**TASK ITEM**
From the listing below, set down exactly the lines between the one holding "Definition sqnorm (R" and the one holding "(w : 'rV[R]_d)", inclusive. No other line is wanted.

Top of DATASET EXCERPTS

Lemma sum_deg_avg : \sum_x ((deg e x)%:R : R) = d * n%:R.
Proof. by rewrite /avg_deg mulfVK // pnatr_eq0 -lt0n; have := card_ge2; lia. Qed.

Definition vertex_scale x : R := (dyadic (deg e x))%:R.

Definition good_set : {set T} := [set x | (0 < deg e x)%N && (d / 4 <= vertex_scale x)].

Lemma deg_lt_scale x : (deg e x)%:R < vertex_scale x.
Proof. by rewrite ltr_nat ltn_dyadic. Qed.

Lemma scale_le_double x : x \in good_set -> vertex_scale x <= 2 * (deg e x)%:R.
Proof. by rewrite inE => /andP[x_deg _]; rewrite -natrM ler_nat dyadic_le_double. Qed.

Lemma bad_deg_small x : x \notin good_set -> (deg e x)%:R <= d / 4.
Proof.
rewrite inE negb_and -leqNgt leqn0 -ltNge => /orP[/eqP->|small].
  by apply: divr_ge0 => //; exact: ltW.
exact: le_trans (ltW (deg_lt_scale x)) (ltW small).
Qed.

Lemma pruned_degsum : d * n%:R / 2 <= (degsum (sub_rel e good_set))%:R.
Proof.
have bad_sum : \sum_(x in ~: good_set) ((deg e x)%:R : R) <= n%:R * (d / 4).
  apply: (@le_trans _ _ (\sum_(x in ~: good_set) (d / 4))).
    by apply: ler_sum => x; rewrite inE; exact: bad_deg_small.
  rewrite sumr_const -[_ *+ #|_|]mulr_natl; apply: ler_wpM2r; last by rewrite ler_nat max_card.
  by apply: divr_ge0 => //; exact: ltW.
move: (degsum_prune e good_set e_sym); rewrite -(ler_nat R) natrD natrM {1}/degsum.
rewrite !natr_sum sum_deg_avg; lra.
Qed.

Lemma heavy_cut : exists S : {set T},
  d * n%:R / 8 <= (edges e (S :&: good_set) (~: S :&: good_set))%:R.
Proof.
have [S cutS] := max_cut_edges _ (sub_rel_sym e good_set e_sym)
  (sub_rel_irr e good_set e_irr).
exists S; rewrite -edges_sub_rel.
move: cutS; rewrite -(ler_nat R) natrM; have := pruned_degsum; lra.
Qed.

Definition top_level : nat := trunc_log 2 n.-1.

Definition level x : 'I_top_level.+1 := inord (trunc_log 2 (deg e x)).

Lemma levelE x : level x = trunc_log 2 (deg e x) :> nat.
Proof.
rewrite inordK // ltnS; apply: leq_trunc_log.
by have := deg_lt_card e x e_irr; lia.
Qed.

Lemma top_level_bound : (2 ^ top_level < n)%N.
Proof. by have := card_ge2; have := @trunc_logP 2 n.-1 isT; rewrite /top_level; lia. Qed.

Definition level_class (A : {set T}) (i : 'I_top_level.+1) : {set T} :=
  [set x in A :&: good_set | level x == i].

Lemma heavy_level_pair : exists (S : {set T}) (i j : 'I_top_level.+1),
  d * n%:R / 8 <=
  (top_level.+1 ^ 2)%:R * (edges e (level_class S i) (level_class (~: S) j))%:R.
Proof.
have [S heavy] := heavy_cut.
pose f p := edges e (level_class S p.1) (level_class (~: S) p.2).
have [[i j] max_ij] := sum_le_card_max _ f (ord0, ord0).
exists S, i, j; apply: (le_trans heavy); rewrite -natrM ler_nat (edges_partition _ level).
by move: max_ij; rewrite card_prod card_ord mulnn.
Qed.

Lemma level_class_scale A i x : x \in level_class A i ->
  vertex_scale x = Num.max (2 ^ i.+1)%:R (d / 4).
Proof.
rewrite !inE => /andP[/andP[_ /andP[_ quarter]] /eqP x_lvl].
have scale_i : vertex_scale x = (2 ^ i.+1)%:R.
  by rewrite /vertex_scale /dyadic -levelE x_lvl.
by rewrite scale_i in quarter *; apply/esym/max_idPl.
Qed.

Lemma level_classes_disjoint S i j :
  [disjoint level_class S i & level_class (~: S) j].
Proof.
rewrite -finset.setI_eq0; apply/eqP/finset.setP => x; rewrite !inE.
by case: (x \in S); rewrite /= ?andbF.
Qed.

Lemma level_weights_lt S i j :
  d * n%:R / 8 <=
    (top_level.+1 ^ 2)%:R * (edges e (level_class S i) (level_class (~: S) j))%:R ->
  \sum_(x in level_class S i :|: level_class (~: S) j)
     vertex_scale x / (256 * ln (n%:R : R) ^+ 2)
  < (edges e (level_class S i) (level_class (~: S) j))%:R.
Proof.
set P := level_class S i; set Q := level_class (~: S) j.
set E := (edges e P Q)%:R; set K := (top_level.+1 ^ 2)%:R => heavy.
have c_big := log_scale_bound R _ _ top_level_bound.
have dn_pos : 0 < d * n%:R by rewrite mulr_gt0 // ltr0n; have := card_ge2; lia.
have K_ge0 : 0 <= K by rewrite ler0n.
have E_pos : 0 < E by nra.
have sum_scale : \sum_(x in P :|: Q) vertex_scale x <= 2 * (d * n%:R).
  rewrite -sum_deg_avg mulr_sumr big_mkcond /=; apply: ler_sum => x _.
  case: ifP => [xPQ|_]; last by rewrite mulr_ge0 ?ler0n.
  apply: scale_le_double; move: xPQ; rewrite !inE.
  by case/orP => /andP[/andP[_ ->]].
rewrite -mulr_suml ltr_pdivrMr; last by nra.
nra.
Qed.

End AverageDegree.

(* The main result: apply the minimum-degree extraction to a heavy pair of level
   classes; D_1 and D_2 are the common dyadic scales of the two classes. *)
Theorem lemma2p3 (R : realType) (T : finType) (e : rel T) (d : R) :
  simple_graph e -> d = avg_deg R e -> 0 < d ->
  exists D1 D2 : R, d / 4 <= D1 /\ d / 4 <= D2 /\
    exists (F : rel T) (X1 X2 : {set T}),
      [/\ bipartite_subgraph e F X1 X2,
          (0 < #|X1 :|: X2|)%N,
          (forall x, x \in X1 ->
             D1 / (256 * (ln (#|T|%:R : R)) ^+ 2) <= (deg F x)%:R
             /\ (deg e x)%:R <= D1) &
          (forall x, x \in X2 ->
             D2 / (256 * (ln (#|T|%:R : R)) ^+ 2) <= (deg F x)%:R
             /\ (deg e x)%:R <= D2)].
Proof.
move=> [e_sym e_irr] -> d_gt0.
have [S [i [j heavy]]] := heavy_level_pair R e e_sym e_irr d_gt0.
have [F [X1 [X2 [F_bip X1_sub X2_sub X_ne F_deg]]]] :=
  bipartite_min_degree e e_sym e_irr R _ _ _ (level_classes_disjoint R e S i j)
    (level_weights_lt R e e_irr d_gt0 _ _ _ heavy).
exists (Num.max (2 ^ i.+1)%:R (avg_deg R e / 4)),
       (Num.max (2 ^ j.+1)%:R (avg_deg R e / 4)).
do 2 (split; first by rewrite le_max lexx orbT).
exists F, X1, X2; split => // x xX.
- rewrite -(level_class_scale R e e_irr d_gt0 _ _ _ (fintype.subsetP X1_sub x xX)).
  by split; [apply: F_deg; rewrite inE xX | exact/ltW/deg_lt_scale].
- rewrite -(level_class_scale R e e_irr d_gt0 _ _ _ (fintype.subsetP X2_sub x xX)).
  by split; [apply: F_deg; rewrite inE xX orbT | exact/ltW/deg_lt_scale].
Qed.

Bottom of DATASET EXCERPTS
Top of DATASET EXCERPTS

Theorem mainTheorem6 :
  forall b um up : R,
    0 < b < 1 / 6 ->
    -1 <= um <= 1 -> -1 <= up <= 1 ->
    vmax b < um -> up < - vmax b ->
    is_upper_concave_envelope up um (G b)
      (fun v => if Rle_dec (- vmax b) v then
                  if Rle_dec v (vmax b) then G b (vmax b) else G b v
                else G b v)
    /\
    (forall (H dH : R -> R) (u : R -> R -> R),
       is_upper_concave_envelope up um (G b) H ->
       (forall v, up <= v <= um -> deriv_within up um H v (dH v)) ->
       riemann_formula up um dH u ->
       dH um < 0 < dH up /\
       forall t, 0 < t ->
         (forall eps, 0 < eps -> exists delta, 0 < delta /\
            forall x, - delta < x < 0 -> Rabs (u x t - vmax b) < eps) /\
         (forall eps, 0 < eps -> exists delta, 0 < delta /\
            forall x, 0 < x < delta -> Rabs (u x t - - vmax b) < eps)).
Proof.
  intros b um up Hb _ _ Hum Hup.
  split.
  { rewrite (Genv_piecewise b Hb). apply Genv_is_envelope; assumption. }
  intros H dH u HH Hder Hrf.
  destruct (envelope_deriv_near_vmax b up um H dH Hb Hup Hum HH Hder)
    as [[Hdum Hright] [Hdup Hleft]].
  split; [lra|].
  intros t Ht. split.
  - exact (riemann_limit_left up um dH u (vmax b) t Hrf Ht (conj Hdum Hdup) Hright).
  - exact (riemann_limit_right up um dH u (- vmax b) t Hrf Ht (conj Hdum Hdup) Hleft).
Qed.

Bottom of DATASET EXCERPTS
Top of DATASET EXCERPTS

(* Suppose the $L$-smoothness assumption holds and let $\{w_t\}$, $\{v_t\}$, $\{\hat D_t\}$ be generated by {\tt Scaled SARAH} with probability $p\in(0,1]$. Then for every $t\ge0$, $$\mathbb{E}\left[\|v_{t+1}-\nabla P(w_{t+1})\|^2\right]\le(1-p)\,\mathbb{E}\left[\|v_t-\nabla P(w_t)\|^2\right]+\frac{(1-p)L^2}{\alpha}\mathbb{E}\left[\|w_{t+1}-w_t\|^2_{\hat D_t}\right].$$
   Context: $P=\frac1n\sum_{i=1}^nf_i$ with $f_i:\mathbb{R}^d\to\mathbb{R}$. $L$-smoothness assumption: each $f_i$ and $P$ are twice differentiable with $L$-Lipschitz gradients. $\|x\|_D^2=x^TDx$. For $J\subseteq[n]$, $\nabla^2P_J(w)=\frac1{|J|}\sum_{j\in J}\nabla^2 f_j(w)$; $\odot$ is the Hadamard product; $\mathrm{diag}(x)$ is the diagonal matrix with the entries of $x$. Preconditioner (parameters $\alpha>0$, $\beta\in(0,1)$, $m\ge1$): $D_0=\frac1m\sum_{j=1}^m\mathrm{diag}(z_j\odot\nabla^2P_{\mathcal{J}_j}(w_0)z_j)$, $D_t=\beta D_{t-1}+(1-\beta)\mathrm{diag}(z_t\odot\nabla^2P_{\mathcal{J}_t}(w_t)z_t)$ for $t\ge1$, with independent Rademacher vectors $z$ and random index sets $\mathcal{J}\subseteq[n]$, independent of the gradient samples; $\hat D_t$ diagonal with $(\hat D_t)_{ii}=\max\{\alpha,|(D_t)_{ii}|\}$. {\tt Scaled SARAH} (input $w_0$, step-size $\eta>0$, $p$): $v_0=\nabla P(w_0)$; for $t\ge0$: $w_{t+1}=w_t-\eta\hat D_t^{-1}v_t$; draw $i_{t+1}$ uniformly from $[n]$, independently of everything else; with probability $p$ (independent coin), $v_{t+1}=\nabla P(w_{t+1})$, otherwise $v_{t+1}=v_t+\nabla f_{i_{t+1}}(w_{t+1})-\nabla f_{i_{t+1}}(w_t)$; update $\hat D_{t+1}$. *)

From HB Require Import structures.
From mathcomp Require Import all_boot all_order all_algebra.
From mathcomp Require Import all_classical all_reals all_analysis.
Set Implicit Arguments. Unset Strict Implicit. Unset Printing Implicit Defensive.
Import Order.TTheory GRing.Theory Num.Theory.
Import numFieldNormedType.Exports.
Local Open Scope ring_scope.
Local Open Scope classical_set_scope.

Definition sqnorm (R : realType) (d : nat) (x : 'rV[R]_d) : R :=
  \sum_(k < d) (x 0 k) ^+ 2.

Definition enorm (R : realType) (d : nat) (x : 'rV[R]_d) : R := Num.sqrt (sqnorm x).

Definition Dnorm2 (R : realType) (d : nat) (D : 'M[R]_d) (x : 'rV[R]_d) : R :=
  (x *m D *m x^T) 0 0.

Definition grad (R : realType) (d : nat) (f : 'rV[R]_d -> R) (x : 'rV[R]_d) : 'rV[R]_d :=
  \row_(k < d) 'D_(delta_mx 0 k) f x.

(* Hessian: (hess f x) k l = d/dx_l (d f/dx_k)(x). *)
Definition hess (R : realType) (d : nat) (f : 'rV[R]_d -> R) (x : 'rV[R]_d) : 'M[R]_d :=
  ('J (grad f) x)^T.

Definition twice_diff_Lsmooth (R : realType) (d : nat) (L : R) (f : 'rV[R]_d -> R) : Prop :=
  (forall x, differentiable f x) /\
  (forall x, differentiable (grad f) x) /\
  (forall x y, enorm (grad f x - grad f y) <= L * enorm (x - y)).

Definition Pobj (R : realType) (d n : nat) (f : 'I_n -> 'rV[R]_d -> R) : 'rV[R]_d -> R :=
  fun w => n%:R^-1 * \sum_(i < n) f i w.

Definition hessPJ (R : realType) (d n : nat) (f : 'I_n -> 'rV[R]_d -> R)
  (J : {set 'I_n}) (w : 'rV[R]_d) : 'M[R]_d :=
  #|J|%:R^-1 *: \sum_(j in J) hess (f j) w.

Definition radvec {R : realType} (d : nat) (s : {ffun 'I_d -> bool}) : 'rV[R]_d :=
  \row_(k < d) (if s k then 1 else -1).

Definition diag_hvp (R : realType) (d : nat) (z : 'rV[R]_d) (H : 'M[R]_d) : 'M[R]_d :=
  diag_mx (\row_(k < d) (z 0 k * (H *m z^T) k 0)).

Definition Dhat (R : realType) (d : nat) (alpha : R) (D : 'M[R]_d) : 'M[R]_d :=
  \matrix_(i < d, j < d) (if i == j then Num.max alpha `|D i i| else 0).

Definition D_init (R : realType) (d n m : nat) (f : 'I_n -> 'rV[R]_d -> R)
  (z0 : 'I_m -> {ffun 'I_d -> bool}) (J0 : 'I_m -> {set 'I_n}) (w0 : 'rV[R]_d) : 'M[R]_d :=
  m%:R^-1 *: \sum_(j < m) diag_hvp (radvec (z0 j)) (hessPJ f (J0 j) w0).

Bottom of DATASET EXCERPTS

**WRITTEN ANSWER**
Definition sqnorm (R : realType) (d : nat) (x : 'rV[R]_d) : R :=
  \sum_(k < d) (x 0 k) ^+ 2.

Definition enorm (R : realType) (d : nat) (x : 'rV[R]_d) : R := Num.sqrt (sqnorm x).

Definition Dnorm2 (R : realType) (d : nat) (D : 'M[R]_d) (x : 'rV[R]_d) : R :=
  (x *m D *m x^T) 0 0.

Definition grad (R : realType) (d : nat) (f : 'rV[R]_d -> R) (x : 'rV[R]_d) : 'rV[R]_d :=
  \row_(k < d) 'D_(delta_mx 0 k) f x.

(* Hessian: (hess f x) k l = d/dx_l (d f/dx_k)(x). *)
Definition hess (R : realType) (d : nat) (f : 'rV[R]_d -> R) (x : 'rV[R]_d) : 'M[R]_d :=
  ('J (grad f) x)^T.

Definition twice_diff_Lsmooth (R : realType) (d : nat) (L : R) (f : 'rV[R]_d -> R) : Prop :=
  (forall x, differentiable f x) /\
  (forall x, differentiable (grad f) x) /\
  (forall x y, enorm (grad f x - grad f y) <= L * enorm (x - y)).

Definition Pobj (R : realType) (d n : nat) (f : 'I_n -> 'rV[R]_d -> R) : 'rV[R]_d -> R :=
  fun w => n%:R^-1 * \sum_(i < n) f i w.

Definition hessPJ (R : realType) (d n : nat) (f : 'I_n -> 'rV[R]_d -> R)
  (J : {set 'I_n}) (w : 'rV[R]_d) : 'M[R]_d :=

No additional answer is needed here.